▶ _Exercise details_:
Using the records below, quote only the span that opens with the line containing "r = \sum_i a" and closes with the line containing "element of the", exactly and inclusively.

[Stored data entries]

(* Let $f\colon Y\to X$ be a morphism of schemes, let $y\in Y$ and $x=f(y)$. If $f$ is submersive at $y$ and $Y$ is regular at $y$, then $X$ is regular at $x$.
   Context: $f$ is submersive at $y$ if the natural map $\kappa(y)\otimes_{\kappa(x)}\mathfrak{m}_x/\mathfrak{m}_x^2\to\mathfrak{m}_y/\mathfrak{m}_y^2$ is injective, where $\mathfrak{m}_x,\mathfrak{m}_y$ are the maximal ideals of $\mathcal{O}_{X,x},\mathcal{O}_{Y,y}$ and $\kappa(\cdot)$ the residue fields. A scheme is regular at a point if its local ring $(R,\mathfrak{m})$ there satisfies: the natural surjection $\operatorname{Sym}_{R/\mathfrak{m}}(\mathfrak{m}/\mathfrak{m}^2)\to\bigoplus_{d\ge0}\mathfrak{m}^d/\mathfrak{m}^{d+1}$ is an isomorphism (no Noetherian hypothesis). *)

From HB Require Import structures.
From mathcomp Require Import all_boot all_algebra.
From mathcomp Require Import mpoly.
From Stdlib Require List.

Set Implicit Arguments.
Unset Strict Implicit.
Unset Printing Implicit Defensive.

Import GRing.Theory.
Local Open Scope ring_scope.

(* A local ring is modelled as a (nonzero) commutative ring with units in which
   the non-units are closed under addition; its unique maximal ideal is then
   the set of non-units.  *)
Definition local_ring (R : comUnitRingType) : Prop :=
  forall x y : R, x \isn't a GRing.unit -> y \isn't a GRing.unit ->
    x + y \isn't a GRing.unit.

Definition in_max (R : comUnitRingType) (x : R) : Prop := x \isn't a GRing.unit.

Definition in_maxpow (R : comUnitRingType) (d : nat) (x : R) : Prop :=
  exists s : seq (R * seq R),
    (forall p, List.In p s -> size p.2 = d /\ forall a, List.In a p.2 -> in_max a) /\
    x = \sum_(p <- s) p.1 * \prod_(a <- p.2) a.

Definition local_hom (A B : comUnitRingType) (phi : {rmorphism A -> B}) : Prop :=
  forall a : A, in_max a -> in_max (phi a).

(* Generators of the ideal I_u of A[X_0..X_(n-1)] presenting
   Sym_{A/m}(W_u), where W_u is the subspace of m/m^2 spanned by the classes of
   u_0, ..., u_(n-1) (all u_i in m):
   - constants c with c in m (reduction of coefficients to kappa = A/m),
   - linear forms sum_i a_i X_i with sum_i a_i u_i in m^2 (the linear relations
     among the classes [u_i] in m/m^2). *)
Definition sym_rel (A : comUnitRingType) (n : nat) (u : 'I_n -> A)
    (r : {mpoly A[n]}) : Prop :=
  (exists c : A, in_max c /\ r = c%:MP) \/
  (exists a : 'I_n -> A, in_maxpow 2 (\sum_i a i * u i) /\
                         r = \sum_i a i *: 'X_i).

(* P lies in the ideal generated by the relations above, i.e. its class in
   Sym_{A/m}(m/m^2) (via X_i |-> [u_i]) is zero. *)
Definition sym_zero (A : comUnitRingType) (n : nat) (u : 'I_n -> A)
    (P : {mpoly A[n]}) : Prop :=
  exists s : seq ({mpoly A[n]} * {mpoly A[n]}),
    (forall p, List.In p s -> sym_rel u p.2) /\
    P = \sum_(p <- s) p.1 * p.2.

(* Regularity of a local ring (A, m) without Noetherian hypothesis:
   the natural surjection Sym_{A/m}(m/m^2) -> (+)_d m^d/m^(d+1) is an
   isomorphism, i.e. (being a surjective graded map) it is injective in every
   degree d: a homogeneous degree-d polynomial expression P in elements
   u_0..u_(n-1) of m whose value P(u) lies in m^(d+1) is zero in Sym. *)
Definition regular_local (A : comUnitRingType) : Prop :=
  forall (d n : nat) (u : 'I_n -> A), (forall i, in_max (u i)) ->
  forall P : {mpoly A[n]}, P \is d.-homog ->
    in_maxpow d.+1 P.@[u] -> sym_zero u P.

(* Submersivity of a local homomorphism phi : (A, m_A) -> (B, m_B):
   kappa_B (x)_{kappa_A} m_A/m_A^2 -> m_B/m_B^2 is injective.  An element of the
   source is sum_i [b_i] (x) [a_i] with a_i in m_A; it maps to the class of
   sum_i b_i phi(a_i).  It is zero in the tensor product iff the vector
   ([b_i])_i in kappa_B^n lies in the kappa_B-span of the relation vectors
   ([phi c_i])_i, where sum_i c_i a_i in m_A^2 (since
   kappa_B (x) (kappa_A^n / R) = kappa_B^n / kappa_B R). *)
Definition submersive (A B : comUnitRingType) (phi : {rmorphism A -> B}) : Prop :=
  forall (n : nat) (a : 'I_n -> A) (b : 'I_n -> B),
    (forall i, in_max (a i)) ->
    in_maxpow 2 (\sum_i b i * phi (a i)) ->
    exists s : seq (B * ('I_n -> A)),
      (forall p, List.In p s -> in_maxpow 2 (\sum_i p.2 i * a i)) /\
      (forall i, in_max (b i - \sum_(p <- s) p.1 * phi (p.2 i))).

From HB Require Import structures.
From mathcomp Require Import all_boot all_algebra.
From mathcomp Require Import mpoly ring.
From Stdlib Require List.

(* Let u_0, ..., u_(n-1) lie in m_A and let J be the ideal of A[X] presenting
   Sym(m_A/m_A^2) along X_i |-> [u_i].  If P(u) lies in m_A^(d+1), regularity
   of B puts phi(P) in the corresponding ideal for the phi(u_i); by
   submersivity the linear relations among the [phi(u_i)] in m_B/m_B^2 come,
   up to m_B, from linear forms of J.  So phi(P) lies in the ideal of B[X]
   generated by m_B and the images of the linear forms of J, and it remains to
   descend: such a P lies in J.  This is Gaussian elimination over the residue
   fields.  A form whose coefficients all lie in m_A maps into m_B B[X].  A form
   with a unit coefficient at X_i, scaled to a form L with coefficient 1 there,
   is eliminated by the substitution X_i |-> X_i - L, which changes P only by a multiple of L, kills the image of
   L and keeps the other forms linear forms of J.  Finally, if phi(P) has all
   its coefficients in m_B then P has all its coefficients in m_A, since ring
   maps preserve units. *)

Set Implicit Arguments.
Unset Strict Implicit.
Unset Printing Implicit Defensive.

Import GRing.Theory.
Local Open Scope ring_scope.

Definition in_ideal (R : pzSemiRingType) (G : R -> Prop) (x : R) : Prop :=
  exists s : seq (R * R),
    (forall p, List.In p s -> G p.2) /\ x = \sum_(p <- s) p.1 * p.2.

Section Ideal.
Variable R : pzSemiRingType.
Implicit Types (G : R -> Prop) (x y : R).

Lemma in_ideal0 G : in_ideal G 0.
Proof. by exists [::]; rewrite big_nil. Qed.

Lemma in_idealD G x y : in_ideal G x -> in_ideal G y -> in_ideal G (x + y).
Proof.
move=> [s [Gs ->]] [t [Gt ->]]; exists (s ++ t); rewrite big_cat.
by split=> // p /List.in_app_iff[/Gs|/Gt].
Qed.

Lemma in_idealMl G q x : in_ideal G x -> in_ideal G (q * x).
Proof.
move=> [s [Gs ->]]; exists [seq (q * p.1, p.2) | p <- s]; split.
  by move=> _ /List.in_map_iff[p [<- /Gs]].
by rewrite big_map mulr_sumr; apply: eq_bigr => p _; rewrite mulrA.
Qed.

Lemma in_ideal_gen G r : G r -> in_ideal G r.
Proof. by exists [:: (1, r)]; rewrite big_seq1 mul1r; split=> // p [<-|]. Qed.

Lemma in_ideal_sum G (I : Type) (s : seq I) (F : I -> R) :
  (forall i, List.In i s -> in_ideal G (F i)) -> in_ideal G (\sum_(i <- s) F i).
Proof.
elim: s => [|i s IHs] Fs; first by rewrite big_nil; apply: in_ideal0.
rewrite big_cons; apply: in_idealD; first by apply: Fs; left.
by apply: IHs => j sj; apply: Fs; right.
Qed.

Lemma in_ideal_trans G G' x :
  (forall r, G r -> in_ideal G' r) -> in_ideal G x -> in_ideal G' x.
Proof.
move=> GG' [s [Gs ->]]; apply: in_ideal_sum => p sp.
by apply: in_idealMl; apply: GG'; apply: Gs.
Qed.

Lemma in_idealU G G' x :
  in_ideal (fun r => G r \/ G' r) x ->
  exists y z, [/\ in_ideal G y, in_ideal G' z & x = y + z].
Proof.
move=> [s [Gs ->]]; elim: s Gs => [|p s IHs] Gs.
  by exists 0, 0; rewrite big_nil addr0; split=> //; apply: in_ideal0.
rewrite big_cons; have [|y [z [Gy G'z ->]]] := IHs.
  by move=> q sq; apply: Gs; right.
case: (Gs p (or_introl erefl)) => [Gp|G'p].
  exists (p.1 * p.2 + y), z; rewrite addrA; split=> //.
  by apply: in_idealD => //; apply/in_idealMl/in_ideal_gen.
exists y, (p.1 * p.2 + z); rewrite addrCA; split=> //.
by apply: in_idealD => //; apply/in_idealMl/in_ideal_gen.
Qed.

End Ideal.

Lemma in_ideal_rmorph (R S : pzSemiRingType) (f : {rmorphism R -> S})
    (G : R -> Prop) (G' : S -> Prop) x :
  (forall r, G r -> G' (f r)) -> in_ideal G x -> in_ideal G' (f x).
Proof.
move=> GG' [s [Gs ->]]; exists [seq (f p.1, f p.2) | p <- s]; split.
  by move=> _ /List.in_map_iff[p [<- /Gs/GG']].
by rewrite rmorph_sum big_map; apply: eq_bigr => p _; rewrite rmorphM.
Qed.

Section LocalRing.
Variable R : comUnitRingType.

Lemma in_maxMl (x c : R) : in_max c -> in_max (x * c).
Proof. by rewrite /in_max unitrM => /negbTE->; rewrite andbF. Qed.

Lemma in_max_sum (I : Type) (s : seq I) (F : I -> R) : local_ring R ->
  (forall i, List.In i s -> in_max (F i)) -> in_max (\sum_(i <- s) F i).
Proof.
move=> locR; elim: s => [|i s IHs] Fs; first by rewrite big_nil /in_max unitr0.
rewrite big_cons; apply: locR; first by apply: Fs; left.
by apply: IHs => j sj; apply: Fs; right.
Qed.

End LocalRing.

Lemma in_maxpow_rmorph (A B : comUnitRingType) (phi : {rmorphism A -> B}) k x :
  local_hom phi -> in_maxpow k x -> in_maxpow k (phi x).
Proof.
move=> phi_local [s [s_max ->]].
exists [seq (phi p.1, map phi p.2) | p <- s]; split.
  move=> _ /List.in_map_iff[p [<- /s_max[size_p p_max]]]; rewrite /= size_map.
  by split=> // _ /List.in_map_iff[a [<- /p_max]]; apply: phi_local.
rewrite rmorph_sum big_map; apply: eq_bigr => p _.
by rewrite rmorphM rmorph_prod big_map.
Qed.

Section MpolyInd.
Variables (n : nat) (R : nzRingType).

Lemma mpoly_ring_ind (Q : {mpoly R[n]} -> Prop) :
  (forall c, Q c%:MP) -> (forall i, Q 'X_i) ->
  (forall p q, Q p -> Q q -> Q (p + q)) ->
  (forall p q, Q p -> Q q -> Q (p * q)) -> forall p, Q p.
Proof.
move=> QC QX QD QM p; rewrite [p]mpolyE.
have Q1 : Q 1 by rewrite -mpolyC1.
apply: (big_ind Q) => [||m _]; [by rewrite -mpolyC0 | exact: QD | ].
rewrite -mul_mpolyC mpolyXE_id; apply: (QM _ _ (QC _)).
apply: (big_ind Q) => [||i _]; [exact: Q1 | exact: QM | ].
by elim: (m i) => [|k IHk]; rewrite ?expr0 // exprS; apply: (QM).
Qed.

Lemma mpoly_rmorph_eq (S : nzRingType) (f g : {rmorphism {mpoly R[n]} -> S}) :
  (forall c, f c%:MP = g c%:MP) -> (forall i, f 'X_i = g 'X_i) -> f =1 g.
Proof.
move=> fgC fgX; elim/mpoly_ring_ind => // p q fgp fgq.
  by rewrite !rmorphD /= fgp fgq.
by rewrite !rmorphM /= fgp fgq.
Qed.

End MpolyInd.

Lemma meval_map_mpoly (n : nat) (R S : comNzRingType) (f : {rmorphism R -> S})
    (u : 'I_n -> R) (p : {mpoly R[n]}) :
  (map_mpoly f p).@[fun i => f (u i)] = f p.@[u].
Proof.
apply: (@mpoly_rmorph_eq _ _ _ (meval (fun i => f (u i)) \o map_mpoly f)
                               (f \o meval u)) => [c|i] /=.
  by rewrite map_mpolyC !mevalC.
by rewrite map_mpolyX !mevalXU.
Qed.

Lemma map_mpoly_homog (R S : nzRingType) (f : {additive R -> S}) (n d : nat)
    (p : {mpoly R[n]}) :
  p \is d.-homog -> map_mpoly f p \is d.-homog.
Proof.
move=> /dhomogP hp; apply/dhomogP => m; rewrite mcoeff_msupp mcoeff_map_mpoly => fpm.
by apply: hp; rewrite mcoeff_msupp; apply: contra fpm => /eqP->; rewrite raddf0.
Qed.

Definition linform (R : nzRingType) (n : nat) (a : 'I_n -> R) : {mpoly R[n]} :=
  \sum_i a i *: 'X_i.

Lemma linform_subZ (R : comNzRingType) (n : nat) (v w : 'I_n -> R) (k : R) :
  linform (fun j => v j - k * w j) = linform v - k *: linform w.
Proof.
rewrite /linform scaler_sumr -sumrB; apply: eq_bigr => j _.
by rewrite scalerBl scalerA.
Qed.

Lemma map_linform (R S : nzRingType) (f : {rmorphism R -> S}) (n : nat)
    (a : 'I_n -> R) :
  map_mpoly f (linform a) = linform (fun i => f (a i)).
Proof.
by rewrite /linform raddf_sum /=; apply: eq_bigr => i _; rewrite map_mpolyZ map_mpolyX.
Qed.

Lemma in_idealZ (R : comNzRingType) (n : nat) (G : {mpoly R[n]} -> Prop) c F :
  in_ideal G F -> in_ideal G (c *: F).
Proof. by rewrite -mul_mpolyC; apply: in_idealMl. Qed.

▶ _Output below_:
                         r = \sum_i a i *: 'X_i).

(* P lies in the ideal generated by the relations above, i.e. its class in
   Sym_{A/m}(m/m^2) (via X_i |-> [u_i]) is zero. *)
Definition sym_zero (A : comUnitRingType) (n : nat) (u : 'I_n -> A)
    (P : {mpoly A[n]}) : Prop :=
  exists s : seq ({mpoly A[n]} * {mpoly A[n]}),
    (forall p, List.In p s -> sym_rel u p.2) /\
    P = \sum_(p <- s) p.1 * p.2.

(* Regularity of a local ring (A, m) without Noetherian hypothesis:
   the natural surjection Sym_{A/m}(m/m^2) -> (+)_d m^d/m^(d+1) is an
   isomorphism, i.e. (being a surjective graded map) it is injective in every
   degree d: a homogeneous degree-d polynomial expression P in elements
   u_0..u_(n-1) of m whose value P(u) lies in m^(d+1) is zero in Sym. *)
Definition regular_local (A : comUnitRingType) : Prop :=
  forall (d n : nat) (u : 'I_n -> A), (forall i, in_max (u i)) ->
  forall P : {mpoly A[n]}, P \is d.-homog ->
    in_maxpow d.+1 P.@[u] -> sym_zero u P.

(* Submersivity of a local homomorphism phi : (A, m_A) -> (B, m_B):
   kappa_B (x)_{kappa_A} m_A/m_A^2 -> m_B/m_B^2 is injective.  An element of the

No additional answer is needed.